The only issue I see with ephemerality is that LE quotas currently exclude "renewals" for one domain, where the FQDN set checked for renewals seems to be back in time forever. If that's lost, all incoming cert orders count against the new-domains quota not the renewals-quota, which could easily cause an org to exceed quota for what would normally be a way-lower-than-limits load.

There's an effectively unlimited number of domains that could be renewed within the quota window so no amount of padding of the new-domains quota to compensate for "forgotten" renewals would guarantee correctness. A domain-account could've issued 50 certs 180 days ago, then renewed those 50 and issued another 50 certs 90 days ago, and now want to renew all 100 + issue 50 more; it'd usually be able to rely on being able to do this for an indefinite number of 90 day cert validity cycles so there's no sensible quota to apply if knowledge of which FQDN-sets are renewals is suddenly lost.

That problem won't go away after one quota cycle, so enforcement of that quota can't just be turned off until one 7 day cycle is past to solve the issue.

I don't see an obvious solution for that with the current quota definitions unless the unique-FQDN-sets for past certs issued can be safely stored or reconstructed on loss.

Redefining the quotas themselves w.r.t to renewals is one option.
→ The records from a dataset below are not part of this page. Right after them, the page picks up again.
Definition I1 (p : nat * nat) : bool := (1 <= p.1 <= m)%N && (m < p.2 <= m + n)%N.
Definition prec (p r : nat * nat) : bool :=
  (r.2 < p.2)%N || ((p.2 == r.2) && (p.1 < r.1)%N).
Definition preceq (p r : nat * nat) : bool := (p == r) || prec p r.
(* I_1 listed in increasing prec-order *)
Definition I1seq : seq (nat * nat) :=
  flatten [seq [seq (i, j) | i <- iota 1 m] | j <- rev (iota m.+1 n)].
Definition Fprod (P : pred (nat * nat)) : A :=
  \prod_(p <- I1seq | P p) Fij p.1 p.2.
Definition Fge (p : nat * nat) : A := Fprod (fun r => preceq p r).
Definition Fgt (p : nat * nat) : A := Fprod (fun r => prec p r).
End Uq.

(* The odd root vectors F_ij (i <= m < j) square to zero, and for (i,k) < (s,t) the
   product F_st F_ik lies in the left ideal generated by F_st and, when t < k, by F_it:
   according to the relative position of the two pairs, F_st and F_ik q-commute, or
   anticommute, or satisfy F_st F_ik + F_ik F_st = (q - q^-1) F_it F_sk with F_it F_sk
   = - F_sk F_it.  The factors of F_{>=(i,k)} are indexed by an upward-closed set, in
   increasing order, so by induction along the product F_st is killed either by the
   first factor (when it is F_st itself) or by the remaining ones.
   The commutation relations follow by induction on the length of the root vectors,
   writing F_ij as a q-commutator of F_i with F_{i+1,j} or of F_{i,j-1} with F_{j-1};
   at the bottom sit the quantum Serre relations, F_m^2 = 0 and the odd relation
   [F_{m-1,m+2}, F_m] = 0. *)

From mathcomp Require Import all_boot all_algebra all_field.
From mathcomp Require Import ring zify.
Import GRing.Theory.
Local Open Scope ring_scope.
Set Implicit Arguments. Unset Strict Implicit. Unset Printing Implicit Defensive.

Section NoncommutativeNormalization.
Variables (K : fieldType) (A : algType K).

Inductive nexpr : Type :=
  | NAtom of nat | NZero | NOne
  | NAdd of nexpr & nexpr | NOpp of nexpr | NMul of nexpr & nexpr
  | NScale of K & nexpr.

Fixpoint nexpr_eval (env : seq A) (e : nexpr) : A :=
  match e with
  | NAtom i => env`_i
  | NZero => 0
  | NOne => 1
  | NAdd e1 e2 => nexpr_eval env e1 + nexpr_eval env e2
  | NOpp e1 => - nexpr_eval env e1
  | NMul e1 e2 => nexpr_eval env e1 * nexpr_eval env e2
  | NScale a e1 => a *: nexpr_eval env e1
  end.

(* A noncommutative polynomial: a list of coefficients attached to words in the atoms. *)
Definition npoly := seq (K * seq nat).

Definition word_eval (env : seq A) (w : seq nat) : A := \prod_(i <- w) env`_i.
Definition npoly_eval (env : seq A) (p : npoly) : A :=
  \sum_(c <- p) c.1 *: word_eval env c.2.

Definition npoly_scale (a : K) (p : npoly) : npoly := [seq (a * c.1, c.2) | c <- p].
Definition npoly_mul (p r : npoly) : npoly :=
  flatten [seq [seq (c.1 * d.1, c.2 ++ d.2) | d <- r] | c <- p].

Fixpoint nexpr_norm (e : nexpr) : npoly :=
  match e with
  | NAtom i => [:: (1, [:: i])]
  | NZero => [::]
  | NOne => [:: (1, [::])]
  | NAdd e1 e2 => nexpr_norm e1 ++ nexpr_norm e2
  | NOpp e1 => npoly_scale (-1) (nexpr_norm e1)
  | NMul e1 e2 => npoly_mul (nexpr_norm e1) (nexpr_norm e2)
  | NScale a e1 => npoly_scale a (nexpr_norm e1)
  end.

Fixpoint word_eqb (w1 w2 : seq nat) : bool :=
  match w1, w2 with
  | [::], [::] => true
  | i :: w1', j :: w2' => Nat.eqb i j && word_eqb w1' w2'
  | _, _ => false
  end.

Fixpoint npoly_insert (c : K * seq nat) (p : npoly) : npoly :=
  match p with
  | [::] => [:: c]
  | d :: p' => if word_eqb c.2 d.2 then (c.1 + d.1, d.2) :: p' else d :: npoly_insert c p'
  end.

Definition npoly_collect (p : npoly) : npoly := foldr npoly_insert [::] p.

Definition npoly_zero (p : npoly) : Prop := foldr (fun c P => c.1 = 0 /\ P) True p.

Lemma word_evalA env w1 w2 : word_eval env (w1 ++ w2) = word_eval env w1 * word_eval env w2.
Proof. exact: big_cat. Qed.

Lemma npoly_eval_cat env p r : npoly_eval env (p ++ r) = npoly_eval env p + npoly_eval env r.
Proof. exact: big_cat. Qed.

Lemma npoly_eval_scale env a p : npoly_eval env (npoly_scale a p) = a *: npoly_eval env p.
Proof. by rewrite /npoly_eval big_map scaler_sumr; apply: eq_bigr => c _; rewrite scalerA. Qed.

Lemma npoly_eval_mul env p r :
  npoly_eval env (npoly_mul p r) = npoly_eval env p * npoly_eval env r.
Proof.
rewrite /npoly_eval big_flatten big_map mulr_suml; apply: eq_bigr => c _.
rewrite big_map mulr_sumr; apply: eq_bigr => d _.
by rewrite word_evalA -scalerAl -scalerAr scalerA.
Qed.

Lemma nexpr_normE env e : npoly_eval env (nexpr_norm e) = nexpr_eval env e.
Proof.
elim: e => [i||| e1 IH1 e2 IH2| e IH| e1 IH1 e2 IH2| a e IH] /=.
- by rewrite /npoly_eval big_seq1 /word_eval big_seq1 scale1r.
- by rewrite /npoly_eval big_nil.
- by rewrite /npoly_eval big_seq1 /word_eval big_nil scale1r.
- by rewrite npoly_eval_cat IH1 IH2.
- by rewrite npoly_eval_scale IH scaleN1r.
- by rewrite npoly_eval_mul IH1 IH2.
- by rewrite npoly_eval_scale IH.
Qed.

Lemma word_eqbP w1 w2 : word_eqb w1 w2 -> w1 = w2.
Proof.
by elim: w1 w2 => [|i w1 IH] [|j w2] //= /andP[/PeanoNat.Nat.eqb_eq -> /IH ->].
Qed.

Lemma npoly_eval_insert env c p :
  npoly_eval env (npoly_insert c p) = c.1 *: word_eval env c.2 + npoly_eval env p.
Proof.
rewrite /npoly_eval; elim: p => [|d p IH] /=; first by rewrite big_seq1 big_nil addr0.
case: ifP => [/word_eqbP ->|_]; first by rewrite !big_cons scalerDl addrA.
by rewrite !big_cons IH addrCA.
Qed.

Lemma npoly_eval_collect env p : npoly_eval env (npoly_collect p) = npoly_eval env p.
Proof.
elim: p => [|c p IH] //=.
by rewrite npoly_eval_insert IH {2}/npoly_eval big_cons.
Qed.

Lemma npoly_zero_eval env p : npoly_zero p -> npoly_eval env p = 0.
Proof.
elim: p => [|c p IH] /=; first by rewrite /npoly_eval big_nil.
by case=> c0 /IH; rewrite /npoly_eval big_cons c0 scale0r add0r.
Qed.

Lemma nexpr_eq env e1 e2 :
  npoly_zero (npoly_collect (nexpr_norm (NAdd e1 (NOpp e2)))) ->
  nexpr_eval env e1 = nexpr_eval env e2.
Proof.
move=> /(npoly_zero_eval env); rewrite npoly_eval_collect nexpr_normE /=.
exact: subr0_eq.
Qed.
End NoncommutativeNormalization.

Ltac nc_index x env :=
  lazymatch env with
  | x :: _ => constr:(0%N)
  | _ :: ?env' => let i := nc_index x env' in constr:(S i)
  end.

Ltac nc_mem x env :=
  lazymatch env with
  | nil => constr:(false)
  | x :: _ => constr:(true)
  | _ :: ?env' => nc_mem x env'
  end.

Ltac nc_atoms t env :=
  lazymatch t with
  | (?a + ?b)%R => let env := nc_atoms a env in nc_atoms b env
  | (- ?a)%R => nc_atoms a env
  | (?a * ?b)%R => let env := nc_atoms a env in nc_atoms b env
  | (_ *: ?a)%R => nc_atoms a env
  | 0%R => env
  | 1%R => env
  | _ => let known := nc_mem t env in
         lazymatch known with true => env | false => constr:(t :: env) end
  end.

Ltac nc_reify K t env :=
  lazymatch t with
  | (?a + ?b)%R =>
      let x := nc_reify K a env in let y := nc_reify K b env in constr:(@NAdd K x y)
  | (- ?a)%R => let x := nc_reify K a env in constr:(@NOpp K x)
  | (?a * ?b)%R =>
      let x := nc_reify K a env in let y := nc_reify K b env in constr:(@NMul K x y)
  | (?c *: ?a)%R => let x := nc_reify K a env in constr:(@NScale K c x)
  | 0%R => constr:(@NZero K)
  | 1%R => constr:(@NOne K)
  | _ => let i := nc_index t env in constr:(@NAtom K i)
  end.

(* Reduces an identity in an algebra over a field to identities between the
   coefficients of its normal form in the free algebra on its atoms. *)
Ltac nc_reflect :=
  lazymatch goal with
  | A : algType ?K |- @eq ?T ?l ?r =>
      let env := nc_atoms l (@nil T) in
      let env := nc_atoms r env in
      let el := nc_reify K l env in
      let er := nc_reify K r env in
      apply: (@nexpr_eq K A env el er);
      cbv [npoly_zero npoly_collect npoly_insert word_eqb Nat.eqb andb nexpr_norm
           npoly_mul npoly_scale flatten foldr map cat fst snd]
  end.

Ltac nc_ring := nc_reflect; repeat split; ring.
Ltac nc_field := nc_reflect; repeat split; field.

Section QCommutators.
Variables (K : fieldType) (A : algType K).
Implicit Types (a c e k s : K) (f g b y X Y Z G H : A).

Definition qcomm c X Y : A := Y * X - c *: (X * Y).
Definition serre s f X : A := f * f * X - s *: (f * X * f) + X * f * f.
Definition qcommutes e X Y : Prop := X * Y = e *: (Y * X).

Let zeroE := (mulr0, mul0r, scaler0, addr0, add0r, oppr0, subr0).

(* Each proof below exhibits the difference of the two sides as a combination of
   the hypotheses, an identity of the free algebra checked by [nc_ring]/[nc_field]. *)

Lemma qcomm_sq0l f X a : a != 0 -> 1 + a ^+ 2 != 0 ->
  X * X = 0 -> serre (a + a^-1) f X = 0 -> qcomm a f X * qcomm a f X = 0.
Proof.
move=> a0 a2 XX S0; apply: subr0_eq.
transitivity ((a ^+ 3 / (1 + a ^+ 2)) *: (f * f * (X * X))
  - (a ^+ 3 / (1 + a ^+ 2)) *: (serre (a + a^-1) f X * X) - a *: (f * (X * X) * f)
  - (a / (1 + a ^+ 2)) *: (X * serre (a + a^-1) f X) + (a / (1 + a ^+ 2)) *: (X * X * f * f)).
  by rewrite /qcomm /serre; nc_field; rewrite ?a0 ?a2.
by rewrite XX S0 !zeroE.
Qed.

Lemma qcomm_sq0r f X a : a != 0 -> 1 + a ^+ 2 != 0 ->
  X * X = 0 -> serre (a + a^-1) f X = 0 -> qcomm a X f * qcomm a X f = 0.
Proof.
move=> a0 a2 XX S0; apply: subr0_eq.
transitivity ((a / (1 + a ^+ 2)) *: (f * f * (X * X))
  - (a / (1 + a ^+ 2)) *: (serre (a + a^-1) f X * X) - a *: (f * (X * X) * f)
  - (a ^+ 3 / (1 + a ^+ 2)) *: (X * serre (a + a^-1) f X)
  + (a ^+ 3 / (1 + a ^+ 2)) *: (X * X * f * f)).
  by rewrite /qcomm /serre; nc_field; rewrite ?a0 ?a2.
by rewrite XX S0 !zeroE.
Qed.

Lemma comm_qcomm_qcomm g y b a : a != 0 -> 1 + a ^+ 2 != 0 ->
  serre (a + a^-1) g y = 0 -> serre (a + a^-1) g b = 0 -> GRing.comm y b ->
  GRing.comm g (qcomm a (qcomm a y g) b).
Proof.
move=> a0 a2 Sy Sb yb; apply: subr0_eq.
transitivity ((a ^+ 3 / (1 + a ^+ 2)) *: (y * serre (a + a^-1) g b)
  - (a ^+ 3 / (1 + a ^+ 2)) *: (serre (a + a^-1) g y * b)
  - (a ^+ 3 / (1 + a ^+ 2)) *: ((y * b - b * y) * g * g) + a *: (g * (y * b - b * y) * g)
  - (a / (1 + a ^+ 2)) *: (g * g * (y * b - b * y))
  - (a / (1 + a ^+ 2)) *: (serre (a + a^-1) g b * y)
  + (a / (1 + a ^+ 2)) *: (b * serre (a + a^-1) g y)).
  by rewrite /qcomm /serre; nc_field; rewrite ?a0 ?a2.
by rewrite Sy Sb yb subrr !zeroE.
Qed.

Lemma anticross_qcomm y X b a : a != 0 -> X * X = 0 ->
  X * qcomm a^-1 (qcomm a y X) b + qcomm a^-1 (qcomm a y X) b * X = 0 ->
  qcomm a y X * qcomm a^-1 X b + qcomm a^-1 X b * qcomm a y X =
    (a - a^-1) *: (X * qcomm a^-1 (qcomm a y X) b).
Proof.
move=> a0 XX T0; apply: subr0_eq.
transitivity (- a *: (X * qcomm a^-1 (qcomm a y X) b + qcomm a^-1 (qcomm a y X) b * X)
  + y * (X * X) * b - a ^+ 2 *: (b * y * (X * X)) + b * (X * X) * y
  - (a ^+ 2)^-1 *: (X * X * y * b)).
  by rewrite /qcomm; nc_field; rewrite ?a0.
by rewrite XX T0 !zeroE.
Qed.

Lemma qcommutes_qcommr e1 e2 c Z X Y :
  qcommutes e1 Z X -> qcommutes e2 Z Y -> qcommutes (e1 * e2) Z (qcomm c X Y).
Proof.
move=> ZX ZY; apply: subr0_eq.
transitivity (- c *: ((Z * X - e1 *: (X * Z)) * Y) - (c * e1) *: (X * (Z * Y - e2 *: (Y * Z)))
  + (Z * Y - e2 *: (Y * Z)) * X + e2 *: (Y * (Z * X - e1 *: (X * Z)))).
  by rewrite /qcomm; nc_ring.
by rewrite ZX ZY !subrr !zeroE.
Qed.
For example, change the renewal quota rules to say that only renewals of certs for fqdn-sets that were last issued or renewed in the past (say) 100 days are guaranteed to be exempted from the new-certs quota. Most people will only renew certs to maintain continuous rolling validity so this should be the immense majority of renewals. Then if unique-fqdn-set info for renewal detection is lost, increase the new-domains quota to 3x the usual value for the first 90 day cert validity window after loss of renewal history. That would ensure that even if every renewal is miscounted as a new domain no previously-valid request would be rejected, and it wouldn't require any reconstruction of unique FQDN set info from the main SA DB. Or it could be reconstructed lazily after recovery, and the normal limits re-imposed once the FQDN-set info was reconstructed.

beautifulentropy · 2023-07-25T18:29:59Z

@ringerc Thanks for the feedback; I believe you're correct on these points. Our plan to account for this is to continue using our MariaDB database as the source of truth when determining whether a newOrder request is a renewal.

ringerc · 2023-07-25T22:12:51Z

@beautifulentropy Makes sense. And the quota layer can be used as a write-through cache over the SA MariaDB FQDN set tracking so it can still offload a lot of the cost of the FQDN-set checks. If a domain-set is added to the FQDN-set once it's never removed, so the cache doesn't need any complicated invalidation logic and is easy to pre-warm on restart.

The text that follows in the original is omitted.